The Common Operational Data Layer. Quantum-ready. Zero trust.
Catalyst is the CODL — the foundational data layer of CODA™. Contested environments have connectivity, but the network itself is hostile. Adversaries reroute traffic, hijack BGP, issue fraudulent certificates, and record encrypted data for future quantum decryption. Catalyst delivers zero trust when you cannot trust the network.
The Operating Reality
The Russia-Ukraine conflict proved that internet access survives sustained military operations — but the network becomes a weapon. These threats compound when coalition partners share data across contested infrastructure.
Traffic Rerouting
After occupying Kherson, Russian forces rerouted local internet through Rostelecom for passive surveillance of all unencrypted traffic.
BGP Hijacking
Rostelecom conducted BGP hijacks affecting thousands of routes, silently redirecting traffic through Russian infrastructure without detection.
Fraudulent Certificates
Russia created its own TLS Certificate Authority, enabling machine-in-the-middle interception of HTTPS traffic across occupied regions.
Satellite Destruction
Russian GRU operators wiped Viasat KA-SAT modems across Europe on invasion day, disabling satellite communications for Ukrainian military units.
Deep Packet Inspection
Myanmar's military deployed Chinese-manufactured DPI equipment at ISP peering points for real-time interception of all traffic.
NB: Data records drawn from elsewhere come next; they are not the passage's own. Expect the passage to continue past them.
(* The dominant face $\mathcal{D}$ of $\mathcal{R}_{JD}$ equals the set of all $(R_1,\ldots,R_K,C_1,\ldots,C_L)\in\mathbb{R}^{K+L}$ such that, for all $\mathcal{S}\subseteq[K]$ and $\mathcal{T}\subseteq[L]$, $$I(Y_{\mathcal{T}};\hat Y_{\mathcal{T}}\mid X_1^K)-I(X_{\mathcal{S}};\hat Y_{\mathcal{T}^c}\mid X_{\mathcal{S}^c})\ \le\ C(\mathcal{T})-R(\mathcal{S})\ \le\ I(Y_{\mathcal{T}};\hat Y_{\mathcal{T}}\mid X_{\mathcal{S}}).$$
   Context: Fix integers $K,L\ge 1$ and finite alphabets. Let $X_1,\ldots,X_K,Y_1,\ldots,Y_L,\hat Y_1,\ldots,\hat Y_L$ be random variables with joint pmf $\prod_{k=1}^K p(x_k)\, p(y_1,\ldots,y_L\mid x_1,\ldots,x_K)\prod_{\ell=1}^L p(\hat y_\ell\mid y_\ell)$. Thus the $X_k$ are mutually independent, and each $\hat Y_\ell$ is conditionally independent of all other variables given $Y_\ell$. Notation: $X_{\mathcal{A}}=(X_i:i\in\mathcal{A})$, and similarly for $Y_{\mathcal{B}},\hat Y_{\mathcal{B}}$. $X_1^K=(X_1,\ldots,X_K)$, $Y_1^L=(Y_1,\ldots,Y_L)$, $\hat Y_1^L=(\hat Y_1,\ldots,\hat Y_L)$. Complements are taken in $[K]$ for $X$-indices and in $[L]$ for $Y$/$\hat Y$-indices. $R(\mathcal{S})=\sum_{i\in\mathcal{S}}R_i$ and $C(\mathcal{T})=\sum_{j\in\mathcal{T}}C_j$. Empty sums and mutual informations involving an empty collection are $0$. $\mathcal{R}_{JD}$ is the set of $(R_1,\ldots,R_K,C_1,\ldots,C_L)\in\mathbb{R}_{\ge0}^{K+L}$ with $$C(\mathcal{T})-R(\mathcal{S})\ge I(Y_{\mathcal{T}};\hat Y_{\mathcal{T}}\mid X_1^K)-I(X_{\mathcal{S}};\hat Y_{\mathcal{T}^c}\mid X_{\mathcal{S}^c})\quad\text{for all }\mathcal{S}\subseteq[K],\ \mathcal{T}\subseteq[L].$$ The dominant face is $$\mathcal{D}=\{(R,C)\in\mathcal{R}_{JD}: C([L])-R([K])=I(Y_1^L;\hat Y_1^L\mid X_1^K)\}.$$ *)

From HB Require Import structures.
From mathcomp Require Import all_boot all_order all_algebra.
From mathcomp Require Import reals exp.
Set Implicit Arguments. Unset Strict Implicit. Unset Printing Implicit Defensive.
Import Order.TTheory GRing.Theory Num.Theory.
Local Open Scope ring_scope.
Harvest Now, Decrypt Later
Adversaries record today's encrypted traffic for future quantum decryption. In contested environments where traffic is already intercepted, this is the expected operating model.
How Catalyst Solves This
The Common Operational Data Layer — a decentralized service mesh that connects organizations into a unified data-sharing fabric — without centralized infrastructure, without trusting the network, and with protection against both current and quantum-era threats.
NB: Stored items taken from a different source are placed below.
(* Let $(\mathbf X,\mathbf Y)$ be a general correlated source such that $\{\frac1n\log\frac1{P_{X^n|Y^n}(X^n|Y^n)}\}_{n\ge1}$ satisfies Condition (W). Then for any $0<\varepsilon\le1$, $\{\frac1n\overline h^\varepsilon(X^n)\}_{n\ge1}$ also satisfies Condition (W).
   Context: A general correlated source $(\mathbf X,\mathbf Y)=\{(X^n,Y^n)\}_{n\ge1}$ is an arbitrary sequence of pairs of random variables on $\mathcal X^n\times\mathcal Y^n$, $\mathcal X,\mathcal Y$ finite or countably infinite (no structural assumptions; marginal probabilities positive). Logs base 2. For $x^n\in\mathcal X^n$ and $\varepsilon\in(0,1]$: $\overline h^\varepsilon(x^n)=\inf\{a\in\mathbb R:\sum_{y^n:\log(1/P_{X^n|Y^n}(x^n|y^n))>a}P_{Y^n|X^n}(y^n|x^n)\le\varepsilon\}$. A sequence of discrete real random variables $\{Z_n\}$ satisfies Condition (W) if: (i) there is $M<\infty$ with $\mathbb E[Z_n]<M$ for all $n$; and (ii) whenever events $\mathcal A_n$ satisfy $\Pr(\mathcal A_n)\to0$, then $\lim_n\mathbb E[|Z_n|\mathbf 1_{\mathcal A_n}]=0$. *)

From HB Require Import structures.
From mathcomp Require Import all_boot all_order all_algebra.
From mathcomp Require Import all_classical all_reals all_analysis.
Set Implicit Arguments. Unset Strict Implicit. Unset Printing Implicit Defensive.
Import Order.TTheory GRing.Theory Num.Theory.
Import numFieldNormedType.Exports.
Local Open Scope classical_set_scope.
Local Open Scope ring_scope.

Definition log2 {R : realType} (x : R) : R := ln x / ln 2.

Definition condW {d} {R : realType} (T : nat -> measurableType d)
  (P : forall n, probability (T n) R) (Z : forall n, T n -> R) : Prop :=
  (exists M : R, forall n, (0 < n)%N -> ('E_(P n)[Z n] < M%:E)%E) /\
  (forall A : forall n, set (T n), (forall n, measurable (A n)) ->
     (fun n => (P n) (A n)) @ \oo --> 0%E ->
     (fun n => (\int[P n]_(w in A n) (`|Z n w|)%:E)%E) @ \oo --> 0%E).

Section source.
Local Unset Implicit Arguments.
Context {d} {R : realType} {A B : countType} {T : nat -> measurableType d}
  (P : forall n, probability (T n) R)
  (X : forall n, T n -> n.-tuple A) (Y : forall n, T n -> n.-tuple B).

Definition pXY n (x : n.-tuple A) (y : n.-tuple B) : R :=
  fine ((P n) (X n @^-1` [set x] `&` Y n @^-1` [set y])).
Definition pX n (x : n.-tuple A) : R := fine ((P n) (X n @^-1` [set x])).
Definition pY n (y : n.-tuple B) : R := fine ((P n) (Y n @^-1` [set y])).

Definition pXgY n (x : n.-tuple A) (y : n.-tuple B) : R := pXY n x y / pY n y.
Definition pYgX n (y : n.-tuple B) (x : n.-tuple A) : R := pXY n x y / pX n x.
Post-Quantum Encryption on Every Link
Every byte travels inside a QUIC tunnel encrypted with X25519MLKEM768 — a hybrid cipher combining classical X25519 with post-quantum ML-KEM-768. Always present, not optional. Applications that add mTLS get a second, independent encryption layer with different CAs and key material.
Zero Trust Without a Center
Each node generates its own Root CA on first boot. Trust is established through out-of-band certificate exchange — no central CA server needed. Certificate-bound tokens (RFC 8705), SPIFFE identity on every service, and 1-hour certificate lifetimes eliminate the need for revocation infrastructure.
BGP-Style Routing
Modeled after the protocol that routes the internet, Catalyst nodes discover each other through direct peering. Routes propagate organically. When connectivity is lost, each node continues operating with its last-known state.
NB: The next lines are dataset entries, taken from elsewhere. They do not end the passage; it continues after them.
(* Let $X_1,\ldots,X_n$ be independent Bernoulli random variables (each taking values in $\{0,1\}$), let $S=\sum_{i=1}^n X_i$, and let $Z$ be a Poisson random variable with mean $1$, independent of $S$. Assume that $S+Z$ has a unique mode $m_1$, and let $m_0$ be any mode of $S$. Then $$m_0\leq m_1\leq m_0+2.$$
   Context: A mode of a random variable $X$ taking values in $\{0,1,2,\ldots\}$ is any integer $m$ at which the probability mass function $k\mapsto \Pr(X=k)$ attains its maximum. The Bernoulli variables may have arbitrary (possibly different) success probabilities. *)

From Stdlib Require Import Reals List Arith.
Open Scope R_scope.

(* Law (pmf) of S = X_1 + ... + X_n where the X_i are independent
   Bernoulli variables with success probabilities listed in ps:
   P(S = k) computed by conditioning on the first variable. *)
Fixpoint bern_sum_pmf (ps : list R) (k : nat) : R :=
  match ps with
  | nil => if Nat.eqb k 0 then 1 else 0
  | p :: ps' =>
      (1 - p) * bern_sum_pmf ps' k
      + p * match k with O => 0 | S k' => bern_sum_pmf ps' k' end
  end.

Definition poisson1_pmf (k : nat) : R := exp (-1) / INR (fact k).

Definition conv_pmf (f g : nat -> R) (k : nat) : R :=
  sum_f_R0 (fun j => f j * g (k - j)%nat) k.

Definition is_mode (f : nat -> R) (m : nat) : Prop :=
  forall k : nat, f k <= f m.

From Stdlib Require Import Reals List Arith Lra Lia Psatz.
Open Scope R_scope.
Multi-Party Coordination by Design
When two organizations decide to share data, they exchange Root CA certificates out of band and mint tokens defining access. No shared infrastructure, no common identity provider, no VPN tunnel to a joint operations center. Each organization maintains full sovereignty.
Compliance Posture
Catalyst satisfies two converging compliance mandates — post-quantum cryptography and zero trust — in a single deployment.
Post-Quantum Key Exchange
FIPS 203 (ML-KEM) — deployed and confirmed working in Envoy 1.33+ with BoringSSL's ML-KEM implementation. Not a roadmap item.
Zero Trust Architecture
Aligned with DoD Zero Trust Strategy, NIST SP 800-207, and CISA ZTMM v2.0. Designed for DDIL environments where centralized models like DISA Thunderdome fail.
CNSA 2.0 Timeline
On track for the NSA mandate requiring post-quantum algorithms in all National Security Systems by 2030. PQ certificate signatures (ML-DSA) architecture-ready.
DDIL Operations
Native support for denied, disrupted, intermittent, and limited connectivity environments. Aligned with Army T-ICAM requirements for zero trust at the tactical edge.
Deployment Model
Catalyst's default deployment runs on Orbis-managed commercial cloud infrastructure — but its decentralized architecture means it can run on any infrastructure your mission requires.
Default: Managed Commercial Cloud
Out-of-the-box, Catalyst runs on Orbis-managed commercial cloud infrastructure — providing global reach, DDoS resilience, and zero-trust network controls with no client infrastructure required to get started.
On-Premises Deployment
Catalyst nodes can be deployed on client-managed hardware — bare metal, VM, or container — in any facility. No dependency on external services once deployed. Fully air-gappable for classified and sensitive compartmented environments.
Sovereign & Private Cloud
Deploy on AWS GovCloud, Azure Government, C2S, or any sovereign cloud of choice. Catalyst has no hard dependency on a specific cloud provider — it runs wherever Envoy and Linux run.
Tactical Edge & DDIL
Catalyst nodes operate autonomously without persistent connectivity — designed for denied, disrupted, intermittent, and limited (DDIL) environments at the tactical edge where centralized architectures fail.
Post-quantum. Zero trust. Decentralized. Deployed today.
For organizations that operate where the network is hostile, the infrastructure is unreliable, and the adversary is already listening.